PyPi Build status Coverage License DOI

Ready-to-go PyTorch data sets for supervised time series prediction problems. torchtime currently supports:

  • All data sets in the UEA/UCR classification repository [link]

  • PhysioNet Challenge 2012 (in-hospital mortality) [link]

  • PhysioNet Challenge 2019 (sepsis prediction) [link]

Installation

$ pip install torchtime

Example usage

torchtime.data contains a class for each data set above. Each class has a consistent API.

The torchtime.data.UEA class returns the UEA/UCR data set specified by the dataset argument (see list of data sets here). For example, to load training data for the ArrowHead data set with a 70/30% training/validation split and create a DataLoader:

from torch.utils.data import DataLoader
from torchtime.data import UEA

arrowhead = UEA(
    dataset="ArrowHead",
    split="train",
    train_prop=0.7,
)
dataloader = DataLoader(arrowhead, batch_size=32)

Batches are dictionaries of tensors X, y and length.

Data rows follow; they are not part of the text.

Lemma cvg0_ball {R : realType} {T : topologicalType} {f : R -> T} {x : T} {A : set T} :
  f @ 0 --> x -> nbhs x A -> exists2 e : R, 0 < e & forall s, `|s| < e -> A (f s).
Proof.
move=> fx /fx /nbhs_ballP [e e0 eA]; exists e => // s se; apply: eA.
by rewrite /ball /= sub0r normrN.
Qed.

Lemma dcvg0_ball {R : realType} {T : topologicalType} {f : R -> T} {x : T} {A : set T} :
  f @ 0^' --> x -> nbhs x A ->
  exists2 e : R, 0 < e & forall s, s != 0 -> `|s| < e -> A (f s).
Proof.
move=> fx /fx /nbhs_ballP [e e0 eA]; exists e => // s s0 se; apply: eA => //.
by rewrite /ball /= sub0r normrN.
Qed.

Section topological_zmodule.
Context {M : topologicalZmodType}.

Lemma cvgD_top {T} {F : set_system T} {FF : Filter F} {f g : T -> M} {a b : M} :
  f @ F --> a -> g @ F --> b -> (fun x => f x + g x) @ F --> a + b.
Proof. by move=> fa gb; apply: continuous2_cvg => //; exact: (add_continuous (a, b)). Qed.

Lemma cvgB_top {T} {F : set_system T} {FF : Filter F} {f g : T -> M} {a b : M} :
  f @ F --> a -> g @ F --> b -> (fun x => f x - g x) @ F --> a - b.
Proof.
move=> fa gb; apply: (@continuous2_cvg _ _ _ _ _ _ f g (fun u v => u - v)) => //.
exact: (@sub_continuous M (a, b)).
Qed.

Lemma nbhs_to0 {x : M} {W : set M} : nbhs x W -> nbhs 0 [set z | W (x + z)].
Proof.
have : (fun z : M => x + z) @ (0 : M) --> x + 0 by apply: cvgD_top; [exact: cvg_cst|exact: cvg_id].
by rewrite addr0 => xz /xz.
Qed.

Lemma nbhs_from0 {x : M} {W : set M} : nbhs 0 W -> nbhs x [set z | W (z - x)].
Proof.
have : (fun z : M => z - x) @ x --> x - x by apply: cvgB_top; [exact: cvg_id|exact: cvg_cst].
by rewrite subrr => zx /zx.
Qed.

Lemma nbhs0_add_split {W : set M} : nbhs 0 W ->
  exists2 E : set M, nbhs 0 E & forall a b, E a -> E b -> W (a + b).
Proof.
rewrite -{1}[0 : M]addr0 => /(continuous2_nbhs (add_continuous (0, 0))).
move=> [U1 nU1 [U2 nU2 U12]]; exists (U1 `&` U2); first exact: filterI.
by move=> a b [? _] [_ ?]; exact: U12.
Qed.

End topological_zmodule.

Lemma additive_continuous {L M : topologicalZmodType} (f : L -> M) :
  {morph f : a b / a + b} ->
  (forall W, nbhs 0 W -> exists2 U, nbhs 0 U & forall c, U c -> W (f c)) ->
  continuous f.
Proof.
move=> fD f0 a A /nbhs_to0 /f0 [U nU UA].
rewrite nbhs_filterE /fmap /=.
by apply: filterS (nbhs_from0 (x := a) nU) => b /UA /=; rewrite -fD addrC subrK.
Qed.

Lemma cvgZ_top {R : realType} {M : topologicalLmodType R} {T} {F : set_system T}
    {FF : Filter F} {f : T -> R} {g : T -> M} {a : R} {b : M} :
  f @ F --> a -> g @ F --> b -> (fun x => f x *: g x) @ F --> a *: b.
Proof.
move=> fa gb; apply: (@continuous2_cvg _ R^o) => //.
exact: (scale_continuous (a, b)).
Qed.
(* The group $\mathrm{H}$ is a normal subgroup of $\Gamma^6_2$.
   Context: Let $\langle x,y\rangle=x_1y_1+\dots+x_6y_6-x_7y_7$ on $\mathbb{R}^7$, $H^6=\{x:\langle x,x\rangle=-1,x_7>0\}$, and $e_1,\dots,e_7$ the standard basis. $\Gamma^6=PO_{6,1}\mathbb{Z}$ is the group of $7\times7$ integer matrices preserving $\langle\cdot,\cdot\rangle$ and mapping $H^6$ to itself; $\Gamma^6_2$ is its subgroup of matrices congruent to the identity modulo $2$. $\mathrm{K}^6$ is the group of the $64$ matrices $\mathrm{diag}(\varepsilon_1,\dots,\varepsilon_6,1)$, $\varepsilon_i=\pm1$. Define vectors $u_1,\dots,u_{27}$: $u_i=-e_i$ for $1\le i\le 6$; $u_7,\dots,u_{21}$ are $e_a+e_b+e_7$ for the pairs $(a,b)=(1,2),(1,3),(2,3),(1,4),(2,4),(3,4),(1,5),(2,5),(3,5),(4,5),(1,6),(2,6),(3,6),(4,6),(5,6)$ in this order; $u_{22},\dots,u_{27}$ are $\sum_{i=1}^6e_i-e_c+2e_7$ for $c=6,5,4,3,2,1$ in this order. Let $P^6=\{x\in H^6:\langle x,u_j\rangle\le0,\ 1\le j\le27\}$ (a right-angled polytope whose $27$ sides lie in the hyperplanes $u_j^\perp$) and let $R_j$ be the reflection $x\mapsto x-2\langle x,u_j\rangle u_j$ in the $j$th side. For $7\le j\le27$ let $k_j\in\mathrm{K}^6$ be the matrix with $\varepsilon_i=-1$ exactly for $i\in N_j$, where $N_7=\{2,3,5\}$, $N_8=\{1,2,3,4,5\}$, $N_9=\{3,4,5\}$, $N_{10}=\{1,2,3,5,6\}$, $N_{11}=\{1,4,6\}$, $N_{12}=\{2,3,5\}$, $N_{13}=\{3,4,5\}$, $N_{14}=\{1,2,5\}$, $N_{15}=\{5\}$, $N_{16}=\{2,4,6\}$, $N_{17}=\{1,2,5\}$, $N_{18}=\{2,4,6\}$, $N_{19}=\{6\}$, $N_{20}=\{1,3,4\}$, $N_{21}=\{1,2,3,5,6\}$, $N_{22}=\{1,3,4\}$, $N_{23}=\{2\}$, $N_{24}=\{1,4,6\}$, $N_{25}=\{1,2,3,4,5\}$, $N_{26}=\{4\}$, $N_{27}=\{3\}$. Let $\mathrm{H}$ be the subgroup of $\Gamma^6$ generated by all matrices $\ell R_j\ell k_j$ with $\ell\in\mathrm{K}^6$ and $7\le j\le 27$ (these are the side-pairing transformations of a side-pairing of the polytope $Q^6=\bigcup_{\ell\in\mathrm{K}^6}\ell P^6$). *)

(* Matrices act on column vectors: x |-> M *m x. *)
From HB Require Import structures.
From mathcomp Require Import all_boot all_order all_algebra.
From mathcomp Require Import reals.
Set Implicit Arguments. Unset Strict Implicit. Unset Printing Implicit Defensive.
Import Order.TTheory GRing.Theory Num.Theory.
Local Open Scope ring_scope.

(* Gram matrix J = diag(1,1,1,1,1,1,-1) of <x,y> = x1y1+...+x6y6 - x7y7
   (coordinates are 1-based in the paper: coordinate k is ordinal k-1) *)
Definition Jmat (R : pzRingType) : 'M[R]_7 :=
  diag_mx (\row_(i < 7) if (i : nat) == 6%N then -1 else 1).

Definition lform (R : pzRingType) (x y : 'cV[R]_7) : R :=
  (x^T *m Jmat R *m y) 0 0.

Definition inH6 (R : realType) (x : 'cV[R]_7) : Prop :=
  lform x x = -1 /\ 0 < x (inord 6) 0.

(* standard basis vector e_k, k 1-based *)
Definition evec (k : nat) : 'cV[int]_7 := \col_(i < 7) ((i.+1 == k)%:Z).

Definition inGamma6 (R : realType) (M : 'M[int]_7) : Prop :=
  M^T *m Jmat int *m M = Jmat int /\
  forall x : 'cV[R]_7, inH6 x -> inH6 (map_mx intr M *m x).

Definition inGamma6_2 (R : realType) (M : 'M[int]_7) : Prop :=
  inGamma6 R M /\ forall i j : 'I_7, (2 %| M i j - (i == j)%:Z)%Z.

Definition pairs : seq (nat * nat) :=
  [:: (1,2); (1,3); (2,3); (1,4); (2,4); (3,4); (1,5); (2,5); (3,5); (4,5);
      (1,6); (2,6); (3,6); (4,6); (5,6)]%N.

Definition uvec (j : nat) : 'cV[int]_7 :=
  if (1 <= j <= 6)%N then - evec j
  else if (7 <= j <= 21)%N then
    let ab := nth (0,0)%N pairs (j - 7) in evec ab.1 + evec ab.2 + evec 7
  else if (22 <= j <= 27)%N then
    let c := (28 - j)%N in
    \sum_(1 <= i < 7) evec i - evec c + 2%:Z *: evec 7
  else 0.

Definition Rmat (j : nat) : 'M[int]_7 :=
  1%:M - 2%:Z *: (uvec j *m (uvec j)^T *m Jmat int).

(* sign-diagonal matrix diag(eps_1,...,eps_7) with eps_k = -1 iff neg k (k 1-based) *)
Definition signdiag (neg : pred nat) : 'M[int]_7 :=
  diag_mx (\row_(i < 7) if neg i.+1 then -1 else 1).

Definition inK6 (M : 'M[int]_7) : Prop :=
  exists S : {set 'I_6}, M = signdiag (fun k => [exists a in S, a.+1 == k]).

Definition Nset (j : nat) : seq nat :=
  nth [::] [:: [:: 2; 3; 5]; [:: 1; 2; 3; 4; 5]; [:: 3; 4; 5]; [:: 1; 2; 3; 5; 6];
    [:: 1; 4; 6]; [:: 2; 3; 5]; [:: 3; 4; 5]; [:: 1; 2; 5]; [:: 5]; [:: 2; 4; 6];
    [:: 1; 2; 5]; [:: 2; 4; 6]; [:: 6]; [:: 1; 3; 4]; [:: 1; 2; 3; 5; 6];
    [:: 1; 3; 4]; [:: 2]; [:: 1; 4; 6]; [:: 1; 2; 3; 4; 5]; [:: 4]; [:: 3]]%N
    (j - 7).

Definition kmat (j : nat) : 'M[int]_7 := signdiag (fun k => k \in Nset j).

Definition Hgen (M : 'M[int]_7) : Prop :=
  exists j : nat, (7 <= j <= 27)%N /\
    exists l : 'M[int]_7, inK6 l /\ M = l *m Rmat j *m l *m kmat j.

Inductive inH : 'M[int]_7 -> Prop :=
  | inH_gen M : Hgen M -> inH M
  | inH_one : inH 1%:M
  | inH_mul M N : inH M -> inH N -> inH (M *m N)
  | inH_inv M : inH M -> inH (invmx M).

Definition normal_in (G H : 'M[int]_7 -> Prop) : Prop :=
  (forall M, H M -> G M) /\
  (forall g M, G g -> H M -> H (g *m M *m invmx g)).

From mathcomp Require Import all_boot all_order all_algebra reals.
From mathcomp Require Import ring lra zify.
Set Implicit Arguments. Unset Strict Implicit. Unset Printing Implicit Defensive.
Import Order.TTheory GRing.Theory Num.Theory.
Local Open Scope ring_scope.

(** Both kinds of generators of [Gamma^6_2 = <K^6, R_7, ..., R_27>] normalise H.
    Generation is a descent on the corner entry [g_77]: after a sign change in K^6 making
    the first six coordinates of [g e7] nonnegative, either [g e7] lies strictly beyond
    some side [u_j^perp] (7 <= j <= 27) of P^6, and then [R_j g] has a smaller corner
    entry, or [g e7] lies in P^6, where an integrality argument forces [g e7 = e7] and
    hence [g \in K^6]. Conjugation by [m \in K^6] sends the generator [l R_j l k_j] of H
    to [(m l) R_j (m l) k_j], because K^6 is an elementary abelian 2-group, and
    [R_j = (R_j k_j) k_j] with [R_j k_j] a generator of H. *)

Notation ord7 k := (@inord 6 k).

Lemma ord7_eq i j : (i < 7)%N -> (j < 7)%N -> (ord7 i == ord7 j) = (i == j).
Proof. by move=> hi hj; rewrite -(inj_eq val_inj) /= !inordK. Qed.

Lemma sum_ord7 (R : nmodType) (F : 'I_7 -> R) : \sum_(i < 7) F i =
  F (ord7 0) + F (ord7 1) + F (ord7 2) + F (ord7 3) + F (ord7 4) + F (ord7 5) + F (ord7 6).
Proof.
transitivity (\sum_(0 <= k < 7) F (ord7 k)).
  by rewrite big_mkord; apply: eq_bigr => i _; rewrite inord_val.
by rewrite /index_iota /= !big_cons big_nil addr0 !addrA.
Qed.

Lemma sum_ord6 (R : nmodType) (F : 'I_6 -> R) : \sum_(i < 6) F i =
  F (inord 0) + F (inord 1) + F (inord 2) + F (inord 3) + F (inord 4) + F (inord 5).
Proof.
transitivity (\sum_(0 <= k < 6) F (inord k)).
  by rewrite big_mkord; apply: eq_bigr => i _; rewrite inord_val.
by rewrite /index_iota /= !big_cons big_nil addr0 !addrA.
Qed.

(** * The Lorentz form *)

Lemma lformE (R : pzRingType) (x y : 'cV[R]_7) : lform x y =
  x (ord7 0) 0 * y (ord7 0) 0 + x (ord7 1) 0 * y (ord7 1) 0 + x (ord7 2) 0 * y (ord7 2) 0
  + x (ord7 3) 0 * y (ord7 3) 0 + x (ord7 4) 0 * y (ord7 4) 0 + x (ord7 5) 0 * y (ord7 5) 0
  - x (ord7 6) 0 * y (ord7 6) 0.
Proof.
by rewrite /lform /Jmat mul_mx_diag !mxE sum_ord7 !mxE !inordK //= !mulr1 mulrN1 mulNr.
Qed.

Lemma lformC (R : comPzRingType) (x y : 'cV[R]_7) : lform x y = lform y x.
Proof. by rewrite !lformE; ring. Qed.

X are the time series data. The package follows the batch first convention therefore X has shape (n, s, c) where n is batch size, s is (maximum) trajectory length and c is the number of channels. By default, a time stamp is appended to the time series data as the first channel.

y are one-hot encoded labels of shape (n, l) where l is the number of classes and length are the length of each trajectory (before padding if sequences are of irregular length) i.e. a tensor of shape (n).

ArrowHead is a univariate time series therefore X has two channels, the time stamp followed by the time series (c = 2). Each series has 251 observations (s = 251) and there are three classes (l = 3).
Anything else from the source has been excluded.